The Pavarotti & Friends for the Children of Liberia was held on 9 June 1998 in support of the War Child charity, specifically to benefit the orphans of war-torn Liberia. The concert was directed by Spike Lee and featured guest performances by Stevie Wonder, Celine Dion, Jon Bon Jovi, Spice Girls, Trisha Yearwood, Natalie Cole and The Corrs. The concert was broadcast on BBC and PBS, and on syndication in the US, and also released as a compilation album and DVD.

===Pavarotti & Friends for Guatemala and Kosovo (1999)===

The Pavarotti & Friends for Guatemala and Kosovo concert was held on 1 June 1999 and raised $1 million for War Child programs to aid young refugees from Kosovo and Guatemala. The concert featured guest performances by Mariah Carey, Ricky Martin, B.B. King, Joe Cocker, Boyzone, Lionel Richie, Gianni Morandi, Renato Zero and Gloria Estefan.
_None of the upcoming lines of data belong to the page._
(* Let $\widetilde{E(2)}$ be as in the context, let $K\in(-1,1)$, $K\neq0$, let $b$ solve $b'(v)=\sqrt{\lambda_1^2-K(\lambda_1^2\cos^2 b(v)+\lambda_2^2\sin^2 b(v))}$, $b(0)=0$, let $W>0$ be the unique positive number with $b(W)=\pi$, let $x_3$ solve $x_3'(v)=\frac{\lambda_1\lambda_2K}{\lambda_1+b'(v)}$, $x_3(0)=0$, and let $X:\mathbb{C}\to\widetilde{E(2)}$ be $$X(u+iv)=\Big(\tfrac{1}{\lambda_1^2\lambda_2}\big(\tfrac{1}{\lambda_1}\cos x_3(v)\sin b(v)+\tfrac{1}{\lambda_2}\sin x_3(v)\cos b(v)\big)x_3'(v)\sinh(-\lambda_1u),\ \tfrac{1}{\lambda_1^2\lambda_2}\big(\tfrac{1}{\lambda_1}\sin x_3(v)\sin b(v)-\tfrac{1}{\lambda_2}\cos x_3(v)\cos b(v)\big)x_3'(v)\sinh(-\lambda_1u),\ x_3(v)\Big).$$ Then: (1) the $x_3$-axis $\{(0,0,t):t\in\mathbb{R}\}$ is contained in $X(\mathbb{C})$; (2) for every constant $C\in\mathbb{R}$, the intersection of $X(\mathbb{C})$ with the plane $\{x_3=C\}$ is a straight line (in the coordinates $(x_1,x_2,x_3)$); (3) $X(\mathbb{C})$ is invariant under left multiplication by $(0,0,2x_3(W))$; more precisely $(0,0,2x_3(W))*X(u+iv)=X(u+i(v+2W))$ for all $u,v\in\mathbb{R}$.
   Context: $\widetilde{E(2)}$ is $\mathbb{R}^3$ with coordinates $(x_1,x_2,x_3)$ and group law $(a_1,b_1,c_1)*(a_2,b_2,c_2)=(a_1+a_2\cos c_1-b_2\sin c_1,\ b_1+a_2\sin c_1+b_2\cos c_1,\ c_1+c_2)$, with the left-invariant metric $\lambda_1^2(\cos x_3\,dx_1+\sin x_3\,dx_2)^2+\lambda_2^2(-\sin x_3\,dx_1+\cos x_3\,dx_2)^2+\frac{1}{\lambda_1^2\lambda_2^2}dx_3^2$, where either $\lambda_1>\lambda_2>0$ or $\lambda_1=\lambda_2=1$. (The solution $b$ is defined on all of $\mathbb{R}$ and is an increasing bijection of $\mathbb{R}$, so $W$ exists and is unique.) *)

From Stdlib Require Import Reals.
Open Scope R_scope.

(* Points of the universal cover of E(2), i.e. R^3 with coordinates (x1,x2,x3). *)
Definition pt := (R * R * R)%type.

Definition e2mul (p q : pt) : pt :=
  let '(a1, b1, c1) := p in
  let '(a2, b2, c2) := q in
  (a1 + a2 * cos c1 - b2 * sin c1, b1 + a2 * sin c1 + b2 * cos c1, c1 + c2).

Definition admissible_lambdas (l1 l2 : R) : Prop :=
  (l1 > l2 /\ l2 > 0) \/ (l1 = 1 /\ l2 = 1).

Definition bprime_rhs (l1 l2 K bv : R) : R :=
  sqrt (l1 ^ 2 - K * (l1 ^ 2 * (cos bv) ^ 2 + l2 ^ 2 * (sin bv) ^ 2)).

Definition x3prime (l1 l2 K : R) (b : R -> R) (v : R) : R :=
  l1 * l2 * K / (l1 + bprime_rhs l1 l2 K (b v)).

Definition Xmap (l1 l2 K : R) (b x3 : R -> R) (u v : R) : pt :=
  let c := / (l1 ^ 2 * l2) * x3prime l1 l2 K b v * sinh (- l1 * u) in
  (c * (/ l1 * cos (x3 v) * sin (b v) + / l2 * sin (x3 v) * cos (b v)),
   c * (/ l1 * sin (x3 v) * sin (b v) - / l2 * cos (x3 v) * cos (b v)),
   x3 v).

Definition Ximage (l1 l2 K : R) (b x3 : R -> R) (p : pt) : Prop :=
  exists u v, Xmap l1 l2 K b x3 u v = p.

From Stdlib Require Import Reals Lra Psatz.
Open Scope R_scope.

(** The right-hand side of the equation for [b] is Lipschitz (its radicand is
    bounded below by [l1^2 (1 - |K|) > 0]) and [PI]-periodic, so by uniqueness
    of solutions [b (v + W) = b v + PI]; hence [x3'] is [W]-periodic and
    [x3 (v + W) = x3 v + x3 W].  Since [K x3' >= l2 K^2 / 3 > 0], [x3] is a
    bijection of [R].  The map [X] is ruled:
    [X (u + i v) = (sinh (- l1 u) d(v), x3 v)] with a direction [d(v) <> 0],
    which gives (1) at [u = 0] and (2) since [sinh] is onto; and shifting [v]
    by [2W] turns [b] by [2 PI] and [x3] by [2 x3 W], which is exactly the
    rotation performed by left multiplication with [(0, 0, 2 x3 W)]. *)

Lemma sin_lipschitz a c : Rabs (sin a - sin c) <= Rabs (a - c).
Proof.
  destruct (MVT_abs sin cos c a (fun z _ => derivable_pt_lim_sin z)) as [z [-> _]].
  rewrite <- (Rmult_1_l (Rabs (a - c))) at 2.
  apply Rmult_le_compat_r; [apply Rabs_pos | apply Rabs_le, COS_bound].
Qed.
The concert was released as a compilation DVD and album.

===Pavarotti & Friends for Cambodia and Tibet (2000)===
The Pavarotti & Friends for Cambodia and Tibet concert took place on 6 June 2000 in support of a number of charities to benefit children in Cambodia and Tibet. The concert featured guest performers including George Michael, Eurythmics, Aqua, Enrique Iglesias, Monica Naranjo, Darren Hayes, Caetano Veloso, Tracy Chapman, Irene Grandi and Skunk Anansie. Special guests included the Dalai Lama who opened the event.

===Pavarotti & Friends for Afghanistan (2001)===
The Pavarotti & Friends for Afghanistan concert took place on 29 May 2001 to raise money for Afghanistan refugees through the United Nations High Commissioner for Refugees (UNHCR) programme. The concert featured guest performances by Tom Jones, Barry White, George Benson, Anastacia, Deep Purple, Bond and Morcheeba, as well as guest appearances by actors Michael Douglas and Catherine Zeta-Jones and designer Donatella Versace. The concert raised $3.3 million for its cause.

===Pavarotti & Friends for Angola (2002)===
The Pavarotti & Friends for Angola benefit concert took place on 28 May 2002 to raise money for Angolan refugees through the UNHCR programme. Guest performers included Andrea Bocelli, James Brown, Elisa, Grace Jones, Gino Paoli, Sting and Lou Reed.

===Pavarotti & Friends for SOS Iraq (2003)===
The Pavarotti & Friends for SOS Iraq concert was held on 27 May 2003 to raise money for Iraqi refugees in Iran through the UNHCR programme. The concert featured guest performances by Bono, Queen, Eric Clapton, Deep Purple, Ricky Martin, Andrea Bocelli, Lionel Richie, Laura Pausini, Zucchero and Maná, and raised over €2 million for the UNHCR cause.

==Criticism==
There was some criticism with regards to Pavarotti, a classically-trained opera singer, performing pop songs with pop stars at his charity concerts. Pavarotti responded to the critics saying: "Some say the word pop is a derogatory word to say 'not important'—I do not accept that. If the word classic is the word to say 'boring,' I do not accept. There is good and bad music."